(* Let $V$ be a finite-dimensional super vector space over a field of characteristic $0$, let $W\subseteq V$ be a graded subspace, $D=W^0=\{X\in\mathfrak{gl}(V):X(w)=0\ \forall w\in W\}$ (so that $D^0=W$), and let $\pi:V\to\mathfrak{gl}(V)$ be an even, super skew-symmetric linear map; write $\pi(x,y)=\pi(x)(y)$. Let $L=\{X+\pi(x)+x: X\in D,\ x\in D^0\}\subseteq\mathfrak{gl}(V)\oplus V$. Then $L$ is a Dirac structure if and only if: (1) $D$ is a Lie sub-superalgebra of $\mathfrak{gl}(V)$; (2) $\pi(\pi(x,y))-[\pi(x),\pi(y)]\in D$ for all $x,y\in D^0$; (3) $\pi(x,y)\in D^0$ for all $x,y\in D^0$.
   Context: $\mathfrak{gl}(V)$: linear endomorphisms of $V$ with natural $\mathbb{Z}_2$-grading and supercommutator $[A,B]=AB-(-1)^{|A||B|}BA$. $\mathcal{E}=\mathfrak{gl}(V)\oplus V$ graded by $\mathcal{E}_\alpha=\mathfrak{gl}(V)_\alpha\oplus V_\alpha$, homogeneous elements $A+x$ with $|A|=|x|$. Bracket: $[\![A+x,B+y]\!]=[A,B]+\tfrac12(Ay-(-1)^{|x||y|}Bx)$; $V$-valued pairing: $\langle A+x,B+y\rangle=\tfrac12(Ay+(-1)^{|x||y|}Bx)$. $F^\perp=\{e:\langle e,f\rangle=0\ \forall f\in F\}$. For $D\subseteq\mathfrak{gl}(V)$, $D^0=\{x\in V: X(x)=0\ \forall X\in D\}$. Super skew-symmetric: $\pi(x)(y)=-(-1)^{|x||y|}\pi(y)(x)$ for homogeneous $x,y$. A Dirac structure is a graded subspace $L\subseteq\mathcal{E}$ with $L=L^\perp$ and $[\![L,L]\!]\subseteq L$. *)

From HB Require Import structures.
From mathcomp Require Import all_boot all_order all_algebra.
Set Implicit Arguments. Unset Strict Implicit. Unset Printing Implicit Defensive.
Import Order.TTheory GRing.Theory Num.Theory.
Local Open Scope ring_scope.

(* Model: the super vector space V = V_0 (+) V_1 with dim V_0 = m, dim V_1 = n,
   realised as column vectors 'cV[F]_(m+n); coordinate i is odd iff m <= i.
   gl(V) = 'M[F]_(m+n) acting on the left; parity of entry (i,j) is
   parity(i) xor parity(j).  Parity index: false = even (0), true = odd (1). *)

Section Super.
Variables (F : fieldType) (m n : nat).
Local Notation V := 'cV[F]_(m + n).
Local Notation M := 'M[F]_(m + n).

Definition oddi (i : 'I_(m + n)) : bool := (m <= i)%N.

Definition vpar (b : bool) (x : V) : V :=
  \col_i (if oddi i == b then x i 0 else 0).
Definition mpar (b : bool) (A : M) : M :=
  \matrix_(i, j) (if (oddi i != oddi j) == b then A i j else 0).

Definition sgn (a b : bool) : F := (-1) ^+ (a && b).

Definition sbr (A B : M) : M :=
  \sum_(a : bool) \sum_(b : bool)
     (mpar a A *m mpar b B - sgn a b *: (mpar b B *m mpar a A)).

Definition epar (a : bool) (e : M * V) : M * V := (mpar a e.1, vpar a e.2).

Definition brE (e f : M * V) : M * V :=
  (sbr e.1 f.1,
   \sum_(a : bool) \sum_(b : bool)
     2^-1 *: (mpar a e.1 *m vpar b f.2 - sgn a b *: (mpar b f.1 *m vpar a e.2))).

Definition pairE (e f : M * V) : V :=
  \sum_(a : bool) \sum_(b : bool)
     2^-1 *: (mpar a e.1 *m vpar b f.2 + sgn a b *: (mpar b f.1 *m vpar a e.2)).

Definition subspace (T : lmodType F) (S : T -> Prop) : Prop :=
  S 0 /\ forall (c : F) u v, S u -> S v -> S (c *: u + v).

Definition graded_subspaceV (S : V -> Prop) : Prop :=
  subspace S /\ forall b x, S x -> S (vpar b x).
Definition graded_subspaceM (S : M -> Prop) : Prop :=
  subspace S /\ forall b A, S A -> S (mpar b A).
Definition graded_subspaceE (S : M * V -> Prop) : Prop :=
  [/\ S (0, 0),
      (forall (c : F) u v, S u -> S v -> S (c *: u.1 + v.1, c *: u.2 + v.2))
    & forall b e, S e -> S (epar b e)].

Definition perpE (S : M * V -> Prop) (e : M * V) : Prop :=
  forall f, S f -> pairE e f = 0.

Definition dirac (L : M * V -> Prop) : Prop :=
  [/\ graded_subspaceE L,
      (forall e, L e <-> perpE L e)
    & forall e f, L e -> L f -> L (brE e f)].

Definition annV (W : V -> Prop) (X : M) : Prop := forall w, W w -> X *m w = 0.
Definition annM (D : M -> Prop) (x : V) : Prop := forall X, D X -> X *m x = 0.

Definition lie_subsuperalg (D : M -> Prop) : Prop :=
  graded_subspaceM D /\ forall A B, D A -> D B -> D (sbr A B).

Definition even_map (pi : V -> M) : Prop :=
  forall b x, vpar b x = x -> mpar b (pi x) = pi x.
Definition super_skew (pi : V -> M) : Prop :=
  forall a b x y, vpar a x = x -> vpar b y = y ->
    pi x *m y = - (sgn a b *: (pi y *m x)).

......

REQUIREMENT
Beginning with the line above that contains "From mathcomp Require", copy each line exactly up to and including the line that contains "Local Notation V := 'cV[F]_(m + n).", and go no further.

WRITTEN RESPONSE
From mathcomp Require Import all_boot all_order all_algebra.
Set Implicit Arguments. Unset Strict Implicit. Unset Printing Implicit Defensive.
Import Order.TTheory GRing.Theory Num.Theory.
Local Open Scope ring_scope.

(* Model: the super vector space V = V_0 (+) V_1 with dim V_0 = m, dim V_1 = n,
   realised as column vectors 'cV[F]_(m+n); coordinate i is odd iff m <= i.
   gl(V) = 'M[F]_(m+n) acting on the left; parity of entry (i,j) is
   parity(i) xor parity(j).  Parity index: false = even (0), true = odd (1). *)

Section Super.
Variables (F : fieldType) (m n : nat).
Local Notation V := 'cV[F]_(m + n).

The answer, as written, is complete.